There was no evidence of adverse effects on mating behavior, fertility, sperm parameters, or reproductive organ weights in the parental animals. Thus, the test material does not effect fertility at the dose levels tested. There were also no malformations observed in the offspring in this study. There were indications of offspring toxicity that may be related to maternal toxicity in the two highest doses. The apparent NOAEL for both maternal and offspring effects in this study is the 0.12% level.
Executive summary:

In this one-generation range-finding study (performed similar to OECD guideline 415) the test substance was administered to male and female rats in the diet (10 per sex and dose; 0.06, 0.12, 0.25 and 0.5% in diet) for at least ten weeks prior to mating and during the mating period. The dams were exposed during the gestation and postpartum periods, until weaning of the offspring on Postpartum Day (PPD) 28. The parental male animals were sacrificed at the end of the mating period, the females and the offspring after weaning.

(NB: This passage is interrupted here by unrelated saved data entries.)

Lemma occ_adj_block e f : occ_adj c e f -> block e = block f.
Proof.
case/and3P => /occupiedP[k hk ->] /occupiedP[l hl ->] /or4P shared.
rewrite !block_pedge //; have [_ line_k] := pedgeP c hk; have [_ line_l] := pedgeP c hl.
have lk := lower_sum (pedge c k); have ll := lower_sum (pedge c l).
have uk := upper_sum (pedge c k); have ul := upper_sum (pedge c l).
rewrite line_k in lk uk; rewrite line_l in ll ul.
case: shared => /eqP shared; rewrite ?shared in lk uk.
- by have -> : k = l by lia.
- have E : k = l.+1 by lia.
  by subst k; rewrite breaks_beforeS /is_break shared eqxx addn0.
- have E : l = k.+1 by lia.
  by subst l; rewrite breaks_beforeS /is_break shared eqxx addn0.
- by have -> : k = l by lia.
Qed.

Lemma block_connect e f : e \in occupied c -> f \in occupied c -> block e = block f ->
  connect (occ_adj c) e f.
Proof.
move=> /occupiedP[k hk ->] /occupiedP[l hl ->]; rewrite !block_pedge //.
wlog kl : k l hk hl / k <= l.
  move=> W eq_kl; have [le_kl|lt_lk] := leqP k l; first exact: W.
  by rewrite occ_adj_connect_sym; apply: W => //; apply: ltnW.
move=> eq_kl; suff conn t : k <= t <= l -> connect (occ_adj c) (pedge c k) (pedge c t).
  by apply: conn; rewrite leqnn kl.
elim: t => [|t IH] /andP[kt tl]; first by move: kt; rewrite leqn0 => /eqP->.
move: kt; rewrite leq_eqVlt => /orP[/eqP-> // | kt].
apply: connect_trans (IH _) _; first by rewrite -ltnS kt ltnW.
have lt_t1m : t.+1 < m by lia.
apply: connect1; rewrite /occ_adj (pedge_occupied (ltnW lt_t1m)) (pedge_occupied lt_t1m) /=.
have /negbFE/eqP shared := no_break_between (t := t) (introT andP (conj kt tl)) eq_kl.
by rewrite /share shared eqxx !orbT.
Qed.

Effects in the P-generation:

There were no treatment-related deaths, clinical signs or effects on male or female reproductive organ weights or reproductive parameters. Statistically significant decreases were observed in food consumption of the 0.5% group females at various postnatal timepoints. The body weights of the parental generation were reduced in females of the 0.25% group at PPD 4 as well as in 0.5% females at Gestation Days (GD) 7 and 21 and at PPD 4, 7, and 14. Liver weights were increased in males at 0.5%, in females at 0.25% and above.

Effects in offspring:

Reduced Live Birth Index and survival indices were observed in the 0.5% group. Postnatal offspring body weights of both sexes of the 0.25% and 0.5% groups were reduced compared with the controls.

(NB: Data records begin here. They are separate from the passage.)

(* Linear independence of the Bernstein basis of degree K: homogenising by
   x = y / (t + sum y) turns the vanishing combination into a polynomial in
   (t, y) that vanishes off the hyperplane t + sum y = 0. *)
Lemma bern_coefs_unique n K (D : mindex n K -> R) :
  (forall x : 'rV[R]_n, \sum_(a | mdeg a == K) D a * bern K a (bary x) = 0) ->
  forall a, mdeg a == K -> D a = 0.
Proof.
move=> vanish a ha.
pose E (a : mindex n K) : R :=
  if mdeg a == K then D a * ((K`!)%:R / (\prod_i ((a i : nat)`!))%:R) else 0.
have E0 : forall a, E a = 0.
  apply: (@mpoly_coefs_eq0_generic R K n E (fun y => - \sum_j y j)) => t y ht.
  set s := t + \sum_j y j.
  have s_neq0 : s != 0 by rewrite /s addr_eq0.
  pose x : 'rV[R]_n := \row_j (y j / s).
  have bary_x i : bary x i = vcons t y i / s.
    rewrite /bary /vcons; case: (unlift ord0 i) => [j|]; first by rewrite mxE.
    under eq_bigr do rewrite mxE.
    by rewrite -mulr_suml /s; field.
  transitivity (s ^+ K * \sum_(a | mdeg a == K) D a * bern K a (bary x)); last first.
    by rewrite vanish mulr0.
  rewrite mulr_sumr [RHS]big_mkcond /=; apply: eq_bigr => b _.
  rewrite /E; case: (boolP (mdeg b == K)) => [/eqP hd|_]; last by rewrite mul0r.
  rewrite /bern; under [X in _ = _ * (_ * (_ * X))]eq_bigr do rewrite bary_x expr_div_n.
  rewrite prodf_div prodrXr -/(mdeg b) hd.
  have sK_neq0 : s ^+ K != 0 by rewrite expf_neq0.
  by rewrite [RHS]mulrC -!mulrA mulVf // mulr1.
have := E0 a; rewrite /E ha => /eqP; rewrite mulf_eq0 => /orP [/eqP //|].
rewrite mulf_eq0 invr_eq0 !pnatr_eq0 !eqn0Ngt fact_gt0 /= prodn_gt0 // => i.
by rewrite fact_gt0.
Qed.

Definition mzero n K : mindex n K := [ffun _ => ord0].

Lemma mdeg_eq0 n K (b : mindex n K) : (mdeg b == 0%N) = (b == mzero n K).
Proof.
apply/idP/eqP => [|->]; last by rewrite /mdeg big1 // => i _; rewrite ffunE.
rewrite /mdeg sum_nat_eq0 => /forallP b0; apply/ffunP => i; apply: val_inj.
by rewrite ffunE; apply/eqP; exact: (implyP (b0 i)).
Qed.

(* The Bernstein polynomials of degree m form a partition of unity: this is
   the elevation of the constant 1 from degree 0 to degree m. *)
Lemma bern_partition_unity n K m (lam : 'I_n.+1 -> R) : (m <= K)%N ->
  \sum_i lam i = 1 -> \sum_(a : mindex n K | mdeg a == m) bern m a lam = 1.
Proof.
move=> hm lam_sum1.
have := @bern_elevate R n K 0 (fun _ => 1) lam m lam_sum1; rewrite hm => /(_ isT).
have zero_only : [pred b : mindex n K | mdeg b == 0%N] =1 pred1 (mzero n K).
  by move=> b; rewrite /= mdeg_eq0.
rewrite (eq_bigl _ _ zero_only) big_pred1_eq /bern /= big1 ?mul1r; last first.
  by move=> i _; rewrite ffunE.
rewrite big1 ?divr1 ?mul1r; last by move=> i _; rewrite ffunE.
rewrite invr1 mulr1 => one_eq; rewrite [RHS]one_eq; apply: eq_bigr => a _.
rewrite (eq_bigl _ _ zero_only) big_pred1_eq.
have -> : elev_weight R 0 m a (mzero n K) = 1.
  rewrite /elev_weight /binom_prod ffactn0 divr1 mul1r big1 // => i _.
  by rewrite ffunE ffactn0 divr1.
by rewrite !mul1r.
Qed.

End BernsteinBasis.

(* Moving multi-indices between the index types mindex n l and mindex n k,
   so that the degree-l expansion of p can be elevated inside mindex n k. *)
Section Recast.
Variable R : realFieldType.

Definition recast n K1 K2 (a : mindex n K1) : mindex n K2 := [ffun i => inord (a i)].

Lemma recastE n K1 K2 (a : mindex n K1) i : (a i <= K2)%N -> (recast K2 a i : nat) = a i.
Proof. by move=> h; rewrite ffunE inordK. Qed.

Lemma mdeg_ext n K1 K2 (a : mindex n K1) (a' : mindex n K2) :
  (forall i, (a i : nat) = (a' i : nat)) -> mdeg a = mdeg a'.
Proof. by move=> same; apply: eq_bigr => i _; rewrite same. Qed.

Lemma bern_ext n K1 K2 m (a : mindex n K1) (a' : mindex n K2) (lam : 'I_n.+1 -> R) :
  (forall i, (a i : nat) = (a' i : nat)) -> bern m a lam = bern m a' lam.
Proof.
move=> same; rewrite /bern; congr (_ / _ * _).
  by congr (_%:R); apply: eq_bigr => i _; rewrite same.
by apply: eq_bigr => i _; rewrite same.
Qed.

Lemma sum_bern_recast n l k (f : mindex n l -> R) (lam : 'I_n.+1 -> R) : (l <= k)%N ->
  \sum_(b : mindex n l | mdeg b == l) f b * bern l b lam =
  \sum_(b : mindex n k | mdeg b == l) f (recast l b) * bern l b lam.
Proof.
move=> hlk.
have le_k (b : mindex n l) i : (b i <= k)%N by rewrite (leq_trans _ hlk) // -ltnS.
rewrite [RHS](reindex (@recast n l k)) /=; last first.
  exists (@recast n k l) => b hb.
    by apply/ffunP => i; apply: val_inj; rewrite /= !recastE // -ltnS.
  apply/ffunP => i; apply: val_inj => /=; move: hb; rewrite inE => /eqP hd.
  have hbi : (b i <= l)%N by rewrite -hd le_mdeg.
  by rewrite !recastE // (leq_trans hbi hlk).
apply: eq_big => b.
  by rewrite (@mdeg_ext _ _ _ (recast k b) b) // => i; rewrite recastE.
move=> _; rewrite (@bern_ext _ _ _ _ (recast k b) b); last by move=> i; rewrite recastE.
congr (f _ * _); apply/ffunP => i; apply: val_inj => /=.
by rewrite !recastE // -ltnS.
Qed.

End Recast.

Section GridPoints.
Variable R : realFieldType.

Definition grid_point n k (a : mindex n k) : 'rV[R]_n :=
  \row_j ((a (lift ord0 j) : nat)%:R / k%:R).

Lemma bary_grid_point n k (a : mindex n k) i : (0 < k)%N -> mdeg a = k ->
  bary (grid_point a) i = (a i : nat)%:R / k%:R.
Proof.
move=> hk ha; case: (unliftP ord0 i) => [j ->|->]; first by rewrite /bary liftK mxE.
rewrite /bary unlift_none; under eq_bigr do rewrite mxE.
rewrite -mulr_suml -natr_sum.
have e : k%:R = (a ord0 : nat)%:R + (\sum_(j < n) (a (lift ord0 j) : nat))%:R :> R.
  by rewrite -natrD -[in LHS]ha /mdeg big_ord_recl.
have k_neq0 : k%:R != 0 :> R by rewrite pnatr_eq0 -lt0n.
by apply: (mulIf k_neq0); rewrite mulrBl mul1r !mulfVK // [in LHS]e addrK.
Qed.

Lemma grid_point_in_simplex n k (a : mindex n k) : (0 < k)%N -> mdeg a = k ->
  in_simplex (grid_point a).
Proof.
move=> hk ha; split => [j|]; first by rewrite mxE divr_ge0 ?ler0n.
have := bary_grid_point ord0 hk ha; rewrite /bary unlift_none => e.
by rewrite -subr_ge0 e divr_ge0 ?ler0n.
Qed.

Lemma ffact_le_exp (x y : nat) : (x ^_ y <= x ^ y)%N.
Proof.
elim: y => [|y IH]; first by rewrite ffactn0.
by rewrite ffactnSr expnSr leq_mul // leq_subr.
Qed.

No treatment-related clinical signs were noted for the offspring. A postnatal developmental delay was obvious in the 0.5% dose group offspring in form of delayed onset of eye opening in male offspring, pinna detachment in both sexes, retardation of preputial separation and vaginal patency. These delays were considered to be treatment-related and secondary to reduced offspring body weight.

No effects were observed with respect to fertility, thus the NOAEL for reproductive toxicity was 0.5% (highest tested dose, 289-477 mg/kg bw/day in males, 336-970 mg/kg bw/d in females for P generation). The LOAEL for systemic parental (female) and offspring toxicity was 0.25% (165 -500 mg/kg/bw/day for P generation), the NOAEL was 0.12% (79 -228 mg/kg bw/day for P generation)(Exxon, 1998).

This study, performed similar to OECD guideline 415, was judged to be reliable (RL2) and selected as key study.